Мы постоянно сталкиваемся с пресловутой формулой «0 х ∞», когда риски стремятся к нулю, но последствия – смерть или осложнения на всю жизнь – к бесконечности. И, как в математической формуле, все возможно между двумя крайностями – между нулем и бесконечностью, между безграничной радостью и полным отчаянием. Этот гигантский разрыв отражается и в оценках, которые родители дают нам – хирургам. Среди них, с одной стороны, счастливцы – их много – которые возводят нас в ранг героев, с другой – несколько разочарованных, которые, поскольку так сложились обстоятельства, ненавидят нас, считая палачами.
Катю прооперировали на четвертый день ее жизни. Сокращенно Д-4. Грудина рассечена и раздвинута. Маленькое сердечко очень живое – «выжимает 120»[17], как и положено сразу после рождения, пока пульс не замедлился, приспособившись к новым условиям кровообращения. На такой скорости его сокращения кажутся еще проворнее и изящнее. Легочная артерия была едва развита, она выглядела волокнистым канатиком, выходящим из правого желудочка.
Аппарат системы искусственного кровообращения включен. Он работал спокойно, сердце можно останавливать. Мы рассекли недоразвитую артерию по всей длине. Легочный клапан, расположенный в ее основании, показал две частично сросшиеся створки. Мы осторожно разделили их тонким лезвием. Затем мы вырезали лоскут, наподобие заплатки для шины, из перикарда – мембраны, которая окутывает сердце – и пришили по краям разреза, чтобы придать легочной артерии нормальный диаметр.
Теперь, когда соединение между сердцем и легкими установлено, мы должны еще исправить другую аномалию: сообщение, «дыра» между желудочками должно быть закрыто.
Мы доберемся до него через правое предсердие, вздутие, которое накапливает кровь, идущую из обеих полых вен, и обеспечивает, таким образом, быстрое и эффективное наполнение желудочка. Через него мы действительно войдем в сердце.
Приблизиться к сердцу, дотронуться до него – долгое время это считалось актом кощунства, профанацией из-за сакрального значения, которое приобрел этот орган: он стал вместилищем души, самой сутью бытия. И если сегодня наши вмешательства не имеют такой коннотации, в них, несмотря ни на что, сохраняется что-то фантастическое.

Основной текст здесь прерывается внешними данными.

Lemma sqmix_bounds x : (forall i, (i < N)%nat -> 0 <= x i <= 1) -> 0 <= sqmix N q x <= 1.
Proof.
  intros Hx. pose proof (A_pos x) as HA. pose proof (B_pos x) as HB.
  assert (HAB : A x <= exp 2 * B x).
  { unfold A, B. rewrite <- mix_exp_shift. apply mix_exp_le; [exact Hq|].
    intros i Hi. specialize (Hx i Hi). nra. }
  assert (HBA : exp (-2) * B x <= A x).
  { unfold A, B. rewrite <- mix_exp_shift. apply mix_exp_le; [exact Hq|].
    intros i Hi. specialize (Hx i Hi). nra. }
  assert (Hup : ln (A x / B x) <= 2).
  { apply ln_le_iff_le_exp; [now apply Rdiv_lt_0_compat|].
    apply Rmult_le_reg_r with (B x); [exact HB|]. field_simplify; lra. }
  assert (Hlo : -2 <= ln (A x / B x)).
  { rewrite <- (ln_exp (-2)). apply ln_le; [apply exp_pos|].
    apply Rmult_le_reg_r with (B x); [exact HB|]. field_simplify; lra. }
  unfold sqmix. fold (A x) (B x). lra.
Qed.

Lemma sqmix_balance x :
  exp (2 * sqmix N q x ^ 2) * A x = exp (2 * (1 - sqmix N q x) ^ 2) * B x.
Proof.
  pose proof (A_pos x). pose proof (B_pos x).
  set (f := sqmix N q x).
  assert (Hratio : A x = exp (2 - 4 * f) * B x).
  { replace (2 - 4 * f) with (ln (A x / B x)) by (unfold f, sqmix; fold (A x) (B x); field).
    rewrite exp_ln by (now apply Rdiv_lt_0_compat). field. lra. }
  rewrite Hratio, <- Rmult_assoc, <- exp_plus. do 2 f_equal. ring.
Qed.

Lemma sqmix_mixable x h : (forall i, (i < N)%nat -> 0 <= x i <= 1) -> h = 0 \/ h = 1 ->
  mix_exp N q (fun i => -2 * (x i - h) ^ 2) <= exp (-2 * (sqmix N q x - h) ^ 2).
Proof.
  intros Hx Hh. pose proof (sqmix_bounds x Hx) as Hf. pose proof (sqmix_balance x) as Hbal.
  set (f := sqmix N q x) in *.
  set (K := exp (2 * f ^ 2) * A x).
  (* K = (1 - f) K + f K, which termwise is Hoeffding's lemma *)
  assert (HK : K <= 1).
  { destruct Hq as [Hq0 Hq1].
    replace K with ((1 - f) * (exp (2 * f ^ 2) * A x) + f * (exp (2 * (1 - f) ^ 2) * B x))
      by (fold K; rewrite <- Hbal; fold K; ring).
    apply Rle_trans with (rsum N q); [|lra]. unfold A, B, mix_exp. rewrite <- !rsum_scal, <- rsum_plus.
    apply rsum_le; intros i Hi.
    pose proof (hoeffding_square f (x i) Hf) as Hhoef.
    replace (2 * f ^ 2 - 2 * x i ^ 2) with (2 * f ^ 2 + -2 * x i ^ 2) in Hhoef by ring.
    replace (2 * (1 - f) ^ 2 - 2 * (1 - x i) ^ 2) with (2 * (1 - f) ^ 2 + -2 * (1 - x i) ^ 2)
      in Hhoef by ring.
    rewrite !exp_plus in Hhoef. pose proof (Hq0 i Hi). nra. }
  assert (Hexp : forall e y, 0 < y -> exp e * y <= 1 -> y <= exp (- e)).
  { intros e y Hy Hey. rewrite exp_Ropp. pose proof (exp_pos e).
    apply Rmult_le_reg_l with (exp e); [lra|]. field_simplify; lra. }
  destruct Hh as [-> | ->].
  - rewrite (mix_exp_ext _ _ _ (fun i => -2 * x i ^ 2)) by (intros; ring).
    replace (-2 * (f - 0) ^ 2) with (- (2 * f ^ 2)) by ring. apply Hexp; [apply A_pos | exact HK].
  - rewrite (mix_exp_ext _ _ _ (fun i => -2 * (1 - x i) ^ 2)) by (intros; ring).
    replace (-2 * (f - 1) ^ 2) with (- (2 * (1 - f) ^ 2)) by ring.
    apply Hexp; [apply B_pos|]. fold (B x). rewrite <- Hbal. exact HK.
Qed.

Lemma sqmix_nondecreasing x y :
  (forall i, (i < N)%nat -> 0 <= x i <= y i /\ y i <= 1) -> sqmix N q x <= sqmix N q y.
Proof.
  intros Hxy. pose proof (A_pos x). pose proof (B_pos x). pose proof (A_pos y). pose proof (B_pos y).
  assert (HA : A y <= A x) by (apply mix_exp_le; [exact Hq|]; intros i Hi; specialize (Hxy i Hi); nra).
  assert (HB : B x <= B y) by (apply mix_exp_le; [exact Hq|]; intros i Hi; specialize (Hxy i Hi); nra).
  assert (ln (A y / B y) <= ln (A x / B x)).
  { apply ln_le; [now apply Rdiv_lt_0_compat|]. unfold Rdiv.
    apply Rmult_le_compat; try lra; [apply Rlt_le, Rinv_0_lt_compat; lra|].
    apply Rinv_le_contravar; lra. }
  unfold sqmix. fold (A x) (B x) (A y) (B y). lra.
Qed.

Я помню, как впервые взглянул на сердце изнутри. Едва предсердие было рассечено, как воздух устремлялся в сердечные полости. Свет налобной лампы вторгался в разрез и раскрывал их строение. Первым показывался трехстворчатый клапан, который препятствует оттоку крови во время сердечного сокращения. У него три створки, края которых прикреплены сухожильными хордами к коническим мускульным вздутиям. Каждая из них походила на половинку парашюта. В расправленном виде они превращались в подобие корабельного паруса, наполняющегося ветром. Створки были тонкими, как крылья бабочек, с такой же текстурой, а хорды – не толще паутинок. Но они были и такими же прочными благодаря равномерному распределению и усилению другими волокнами по бокам.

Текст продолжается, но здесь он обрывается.